A 10x reduction isn't uncommon, unless the code wasn't doing much (or wasn't very large) to begin with. Either way, the reduction is quite significant.

Where have you seen Go codebases being larger than Java's (with both providing the same amount of functionality)?

Primarily common snippets or tasks I felt were a bit verbose in Go compared to Java, or at least as verbose as Java.

> A 10x reduction isn't uncommon, unless the code wasn't doing much (or wasn't very large) to begin with. Either way, the reduction is quite significant.

I'll shoot your question back at you: do you have any specific examples to back your claim?

I don't like Java either to be frank, but I'm defending it because I'm not convinced by your original claim, i.e., Java has long compile times and is 10x more verbose.

My staging build takes around 8 minutes due to some bad optipng task or something, and my API only works on staging so I usually just browse HN or reddit during that time. I typically enjoy the break unless I have something urgent to deploy.
I always have one of those learning sites open in a tab and try to go there when I have to wait.

At the moment it's pluralsight.com.

Seems like a lot of context switching.
Do 30 pushups during every compile cycle. Or any other body weight exercise.
Came here and read this while 115,508 packages complied. So, no.
I always wonder about people that need a extreme fast feedback cycle. I mean most of the time I do things, I actually think about new code, watch a side project, discuss in gitter.

Our code's full test suite takes longer than 10 minutes and I still feel pretty productive when working at it. Actually we lint/transpile our JavaScript with Google Closure which is faster than webpack, but it still takes over 5 seconds which is more than our scala app takes in continous compile? Also I always see these cool JavaScript people, but I've never seen any real world app that still has a amazingly fast micro seconds cycle.
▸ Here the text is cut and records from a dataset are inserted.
Lemma Lambda_invariant : invariant (Xk k) (Yk k) (Lambda k).
Proof.
  intros g [tt [mono [up [down pieces]]]] H0.
  set (Q := fun i => forall t, tt i <= t <= tt (i + 1)%Z -> Lambda k (g t)).
  assert (Hp : forall i u, tt i <= u <= tt (i + 1)%Z -> Lambda k (g u) -> Q i).
  { intros i u Hu Lu t Ht. destruct (pieces i) as [p [s [a [b [phi [HT [Ha [Hb E]]]]]]]].
    rewrite E by assumption. rewrite E in Lu by assumption.
    apply (local_traj_Lambda p a b phi (u - s)); auto; lra. }
  destruct (partition_index tt 0 up down) as [i0 Hi0].
  assert (Hall : forall z, Q (i0 + z)%Z).
  { apply Z.peano_ind.
    - rewrite Z.add_0_r. apply (Hp i0 0); [lra|assumption].
    - intros z Hz. apply (Hp _ (tt (i0 + z + 1)%Z)).
      + replace (i0 + Z.succ z)%Z with (i0 + z + 1)%Z by lia.
        pose proof (mono (i0 + z + 1)%Z). lra.
      + apply Hz. pose proof (mono (i0 + z)%Z). lra.
    - intros z Hz. apply (Hp _ (tt (i0 + z)%Z)).
      + replace (i0 + Z.pred z + 1)%Z with (i0 + z)%Z by lia.
        pose proof (mono (i0 + Z.pred z)%Z).
        replace (i0 + Z.pred z + 1)%Z with (i0 + z)%Z in * by lia.
        lra.
      + apply Hz. pose proof (mono (i0 + z)%Z). lra. }
  intros t. destruct (partition_index tt t up down) as [i Hi].
  replace i with (i0 + (i - i0))%Z in Hi by lia. apply (Hall (i - i0)%Z). lra.
Qed.

Definition orbit_germs (g : R -> pt) :=
  (forall t, exists e, 0 < e /\ exists s c, on_orbit s c g t (t + e)) /\
  (forall t, exists e, 0 < e /\ exists s c, on_orbit s c g (t - e) t).

Lemma global_traj_pieces g : global_traj (Xk k) (Yk k) g -> (forall t, Lambda k (g t)) ->
  exists tt : Z -> R,
    (forall i, tt i < tt (i + 1)%Z) /\
    (forall M, exists N, forall i, (N <= i)%Z -> M < tt i) /\
    (forall M, exists N, forall i, (i <= N)%Z -> tt i < M) /\
    forall i, exists w s1 c1 s2 c2,
      (forall t, tt i <= t <= tt (i + 1)%Z -> t <= w -> g t = orbit s1 c1 t) /\
      (forall t, tt i <= t <= tt (i + 1)%Z -> w <= t -> g t = orbit s2 c2 t).
Proof.
  intros [tt [mono [up [down pieces]]]] HL.
  exists tt. split; [assumption|split; [assumption|split; [assumption|]]].
  intros i. destruct (pieces i) as [p [w [a [b [phi [HT [Ha [Hb E]]]]]]]].
  assert (Li : Lambda k (phi (tt i - w))) by (rewrite <- E; [apply HL|pose proof (mono i); lra]).
  destruct (local_traj_orbits p a b phi (tt i - w) HT ltac:(pose proof (mono i); lra) Li)
    as [s1 [c1 [s2 [c2 [H1 H2]]]]].
  exists w, s1, (c1 + sg s1 * - w), s2, (c2 + sg s2 * - w).
  split; intros t Ht Hw; rewrite E, <- orbit_shift by assumption;
    replace (- w + t) with (t - w) by ring; [apply H1|apply H2]; lra.
Qed.

Lemma global_traj_orbit_germs g :
  global_traj (Xk k) (Yk k) g -> (forall t, Lambda k (g t)) -> orbit_germs g.
Proof.
  intros Hg HL. destruct (global_traj_pieces g Hg HL) as [tt [mono [up [down pieces]]]].
  split; intros t.
  - destruct (partition_index tt t up down) as [i Hi].
    destruct (pieces i) as [w [s1 [c1 [s2 [c2 [H1 H2]]]]]].
    pose proof (Rmin_l w (tt (i + 1)%Z)). pose proof (Rmin_r w (tt (i + 1)%Z)).
    destruct (Rlt_or_le t w).
    + exists (Rmin w (tt (i + 1)%Z) - t). split; [apply Rlt_0_minus, Rmin_glb_lt; lra|].
      exists s1, c1. intros u Hu. apply H1; lra.
    + exists (tt (i + 1)%Z - t). split; [lra|].
      exists s2, c2. intros u Hu. apply H2; lra.
  - destruct (partition_index_left_open tt t mono up down) as [i Hi].
    destruct (pieces i) as [w [s1 [c1 [s2 [c2 [H1 H2]]]]]].
    pose proof (Rmax_l w (tt i)). pose proof (Rmax_r w (tt i)).
    destruct (Rlt_or_le w t).
    + exists (t - Rmax w (tt i)). split; [apply Rlt_0_minus, Rmax_lub_lt; lra|].
      exists s2, c2. intros u Hu. apply H2; lra.
    + exists (t - tt i). split; [lra|].
      exists s1, c1. intros u Hu. apply H1; lra.
Qed.

Lemma on_orbit_sub s c g u v u' v' :
  u <= u' -> v' <= v -> on_orbit s c g u v -> on_orbit s c g u' v'.
Proof. intros H1 H2 H t Ht; apply H; lra. Qed.

Lemma on_orbit_glue s c g u v w : on_orbit s c g u v -> on_orbit s c g v w -> on_orbit s c g u w.
Proof. intros H1 H2 t Ht. destruct (Rle_or_lt t v); [apply H1|apply H2]; lra. Qed.

Lemma on_orbit_unique s c s' c' g u v :
  u < v -> on_orbit s c g u v -> on_orbit s' c' g u v -> s = s' /\ c = c'.
Proof.
  intros Huv H1 H2. apply (orbit_inj s c s' c' u v Huv).
  - rewrite <- H1, <- H2 by lra. reflexivity.
  - rewrite <- H1, <- H2 by lra. reflexivity.
Qed.

Lemma on_orbit_from s c g u v w t c' :
  on_orbit s c g u v -> u <= w + t <= v -> c + sg s * w = c' -> g (w + t) = orbit s c' t.
Proof. intros H Ht <-. rewrite H by assumption. apply orbit_shift. Qed.

Section Continuation.

Variable g : R -> pt.
Hypothesis germs : orbit_germs g.

Lemma on_orbit_closed_right s c t m :
  t < m -> (forall v, t <= v < m -> on_orbit s c g t v) -> on_orbit s c g t m.
Proof.
  intros Htm Hv. destruct (proj2 germs m) as [e [He [s1 [c1 H1]]]].
  assert (Hv0 : exists v, t <= v /\ m - e <= v /\ v < m).
  { exists (Rmax t (m - e)). split; [apply Rmax_l|split; [apply Rmax_r|]].
    apply Rmax_lub_lt; lra. }
  destruct Hv0 as [v [Htv [Hev Hvm]]].
  assert (Hw : on_orbit s c g t ((v + m) / 2)) by (apply Hv; lra).
  destruct (on_orbit_unique s c s1 c1 g v ((v + m) / 2)) as [<- <-].
  - lra.
  - apply (on_orbit_sub s c g t ((v + m) / 2)); [lra|lra|assumption].
  - apply (on_orbit_sub s1 c1 g (m - e) m); [lra|lra|assumption].
  - apply (on_orbit_glue s c g t ((v + m) / 2) m); [assumption|].
    apply (on_orbit_sub s c g (m - e) m); [lra|lra|assumption].
Qed.

(* Away from the zeros of [P_k] the orbit cannot switch to the other
   field, since [y = sg s * P_k x] determines [s]. *)
Lemma on_orbit_open_right s c t m :
  t <= m -> on_orbit s c g t m -> 0 < Pk k (c + sg s * m) ->
  exists e, 0 < e /\ on_orbit s c g t (m + e).
Proof.
  intros Htm Hon Hpos. destruct (proj1 germs m) as [e [He [s2 [c2 H2]]]].
  pose proof (Hon m ltac:(lra)) as A1. pose proof (H2 m ltac:(lra)) as A2.
  rewrite A1 in A2. unfold orbit in A2. injection A2 as Ax Ay.
  assert (s2 = s).
  { apply sg_inj. rewrite <- Ax in Ay. destruct s, s2; simpl in *; lra. }
  subst s2. assert (c2 = c) by lra. subst c2.
  exists e. split; [assumption|]. apply (on_orbit_glue s c g t m); assumption.
Qed.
Probably easier said than done, but why not invest these 3 minutes into trying to speed up the build, or equivalently, trying to split it into smaller parts?
I use https://freedom.to/ to block HN and Reddit. If I'm doing something that is very stop-and-go, I listen to a podcast or audiobook.
A few years back I was compiling hardware inside an FPGA. Typical "compile" times were 2-3 hours.

I used to read a book while waiting for compiles when I was in High School.

I have test suites that take 5-20 minutes to run and I do just about everything I can to cache data to bring that time down.

I feel your pain.

3 minutes is just enough time to stand up, walk around a bit, rest your eyes, stretch, and get a drink of water. That's probably what I would do.